增长的分类
今天看到一篇文章,来自“A study of Linux File System Evolution”, pdf文件在这里: https://www.usenix.org/system/files/login/articles/03_lu_010-017_final.pdf
他们将Linux的补丁进行了分类,筛选出针对文件系统的各种措施。
分类如下:
- bug fixes
- memory: incorrect handling of memory objects
- concurrency: incorrect concurrent behaviors
- semantic: incorrect design or implementation
- error code: missing or wrong error code handling
- performance improvements
- reliability enhancements
- new features
- maintenance and refactoring
针对的文件系统包括:ext3,JFS,ReiserFS,XFS,Btrfs
这个研究做的真的很厉害,先不说他们需要采集这些Patch,然后读它,还要分类,还要看看到底做了什么,这时间成本就不是一点点。再有,他们是针对不同的人开发的文件系统的研究,这样涵盖了这些做这些人的通病的问题,或者高概率出现问题的地方,通过对这些数据的了解和研究,可以为后来的人带来很多的经验,避免重复犯错。
补:文章最后说了这个项目耗时1年半。
文件系统分成几个逻辑组成部分,包括inodes,superblocks,journals.
更细致的划分为9个组件:
- data block allocation(balloc)
- directory management(dir)
- extent mapping(extent)
- file read and write operations(file)
- inode metadata(inode)
- transactional support(trans)
- superblock metadata(super)
- generic tree procedures(e.g:insert an entry, tree)
- other supporting components
关于性能问题的技术分类:
- inefficient usage of synchronization methods(sync)
- smarter access strategies (access)
- I/O scheduling improvement(sched)
- scale on-disk and in-memory data structures(scale)
- data block allocation optimization(locality)
- other performance techniques(other)
sync problem is more than a quarter of all performance patches across file systems. typical solutions used include removing a pair of unnecessary locks, using finer-grained locking, and replacing write locks with read/write locks.
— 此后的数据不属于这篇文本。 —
Lemma candidate_separates e1 e3 : separates a (candidate c0 a e1 e3).
Proof.
  assert (~ eqS1 0 (1/4)) by (apply (not_eqS1_frac _ _ (3/4) (-1)); simpl; lra).
  assert (~ eqS1 0 (3/4)) by (apply (not_eqS1_frac _ _ (1/4) (-1)); simpl; lra).
  assert (~ eqS1 (1/2) (1/4)) by (apply (not_eqS1_frac _ _ (1/4) 0); simpl; lra).
  assert (~ eqS1 (1/2) (3/4)) by (apply (not_eqS1_frac _ _ (3/4) (-1)); simpl; lra).
  assert (~ eqS1 (1/2) a) by (intros h; exact (Ha2 (eqS1_sym _ _ h))).
  assert (~ eqS1 (- a) (1/4)) by (intros h; apply Ha3; eqS1_from h).
  assert (~ eqS1 (- a) (3/4)) by (intros h; apply Ha1; eqS1_from h).
  assert (~ eqS1 (- a) 0) by (intros h; apply Ha0; eqS1_from h).
  assert (~ eqS1 (- a) a).
  { intros h; destruct (eqS1_double_0 a ltac:(eqS1_from h)); contradiction. }
  pose proof half_neq_0.
  unfold separates, candidate; simpl_recolor.
  split; [destruct (c0 (1/2)) | destruct (c0 (- a))]; discriminate.
Qed.

Lemma candidate_flip_quarter :
  differ_only_at (candidate c0 a false false) (candidate c0 a true false) (1/4).
Proof. apply differ_only_at_recolor. Qed.

Lemma candidate_flip_three_quarters :
  differ_only_at (candidate c0 a false false) (candidate c0 a false true) (3/4).
Proof.
  apply differ_only_at_recolor_other; [apply differ_only_at_recolor |].
  intros h; apply quarter_neq_three_quarters; eqS1_from h.
Qed.

End Candidates.

Lemma P_W0 a : ~ eqS1 a 0 -> ~ eqS1 a (1/4) -> ~ eqS1 a (1/2) -> ~ eqS1 a (3/4) -> P (W0 a).
Proof.
  intros Ha0 Ha1 Ha2 Ha3 c0 Hc0.
  assert (Hext : forall e1 e3, distinguishing (candidate c0 a e1 e3) ->
            exists c, on_S1 c /\ distinguishing c /\ forall x, ~ W0 a x -> c x = c0 x).
  { intros e1 e3 D; exists (candidate c0 a e1 e3).
    split; [apply candidate_on_S1, Hc0 | split; [exact D | apply candidate_extends]]. }
  destruct (quarter_flips_distinguishing a (candidate c0 a false false) (candidate c0 a true false)
              (candidate c0 a false true)) as [D | [D | D]];
    try exact (Hext _ _ D);
    first [ apply candidate_on_S1 | apply candidate_separates
          | apply candidate_flip_quarter | apply candidate_flip_three_quarters ]; assumption.
Qed.

Theorem lemma2p4p2 (W : R -> Prop) (a : R) :
  ~ eqS1 a 0 -> ~ eqS1 a (1/4) -> ~ eqS1 a (1/2) -> ~ eqS1 a (3/4) ->
  congr_sets (W0 a) W ->
  P W.
Proof. intros Ha0 Ha1 Ha2 Ha3 HW; exact (P_congr_sets _ _ HW (P_W0 a Ha0 Ha1 Ha2 Ha3)). Qed.
(* Let $L$ be a generic length vector satisfying the strict triangle inequality. A vertex of $\Gamma(L)$ labeled $(I,J,K)$ is incident to exactly $2^{i}+2^{j}+2^{k}-6$ edges, where $i,j,k$ are the cardinalities of $I,J,K$ respectively.
   Context: Let $n\ge 4$ and $L=(l_1,\dots,l_n)$ be positive reals with $l_i<\sum_{j\ne i}l_j$ for every $i$ (strict triangle inequality), and generic: there is no $J\subseteq[n]$ with $\sum_{i\in J}l_i=\sum_{i\notin J}l_i$. Here $[n]=\{1,\dots,n\}$ and $|L|=\sum_{i=1}^n l_i$. A set $I\subseteq[n]$ is short if $\sum_{i\in I}l_i<|L|/2$ and long otherwise. A cyclically ordered partition of $[n]$ into $k$ parts is a sequence $(A_1,\dots,A_k)$ of pairwise disjoint nonempty sets with union $[n]$, considered up to cyclic shifts $(A_1,\dots,A_k)\sim(A_2,\dots,A_k,A_1)$; there is no ordering inside a part. It is admissible if every part is short. The graph $\Gamma(L)$ has as vertices the admissible cyclically ordered partitions of $[n]$ into 3 parts, written $(I,J,K)$, and as edges the admissible cyclically ordered partitions into 4 parts $(A,B,C,D)$; such an edge is incident to each of the partitions $(A\cup B,C,D)$, $(A,B\cup C,D)$, $(A,B,C\cup D)$, $(D\cup A,B,C)$ that is admissible. *)

From HB Require Import structures.
From mathcomp Require Import all_boot all_order all_algebra.
Set Implicit Arguments. Unset Strict Implicit. Unset Printing Implicit Defensive.
Import Order.TTheory GRing.Theory Num.Theory.

Section Defs.
Variables (R : realFieldType) (n : nat) (L : 'I_n -> R).
Local Open Scope ring_scope.

Definition sumL (S : {set 'I_n}) : R := \sum_(i in S) L i.
Definition totL : R := sumL [set: 'I_n].

Definition positive_lengths : Prop := forall i, 0 < L i.
Definition strict_triangle : Prop :=
  forall i : 'I_n, L i < \sum_(j < n | j != i) L j.
Definition generic : Prop := forall J : {set 'I_n}, sumL J != sumL (~: J).

Definition short (S : {set 'I_n}) : bool := sumL S < totL / 2%:R.

Definition part (s : seq {set 'I_n}) (i : nat) : {set 'I_n} := nth set0 s i.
access patches use smart strategies to optimize performance, including caching and work avoidance. for example, ext3 caches metadata stats in memory, avoiding I/O. an example Btrfs, before searching for free blocks, the patch first checks whether there is enough free space, avoiding unnecessary work.
sched, improve I/O scheduling for better performance, such as batching of writes, opportunistic readahead, and avoiding unnecessary synchrony in I/O. sched patches utilize scalable on-disk and in-memory data structures, such as hash tables, trees, and per block-group structures.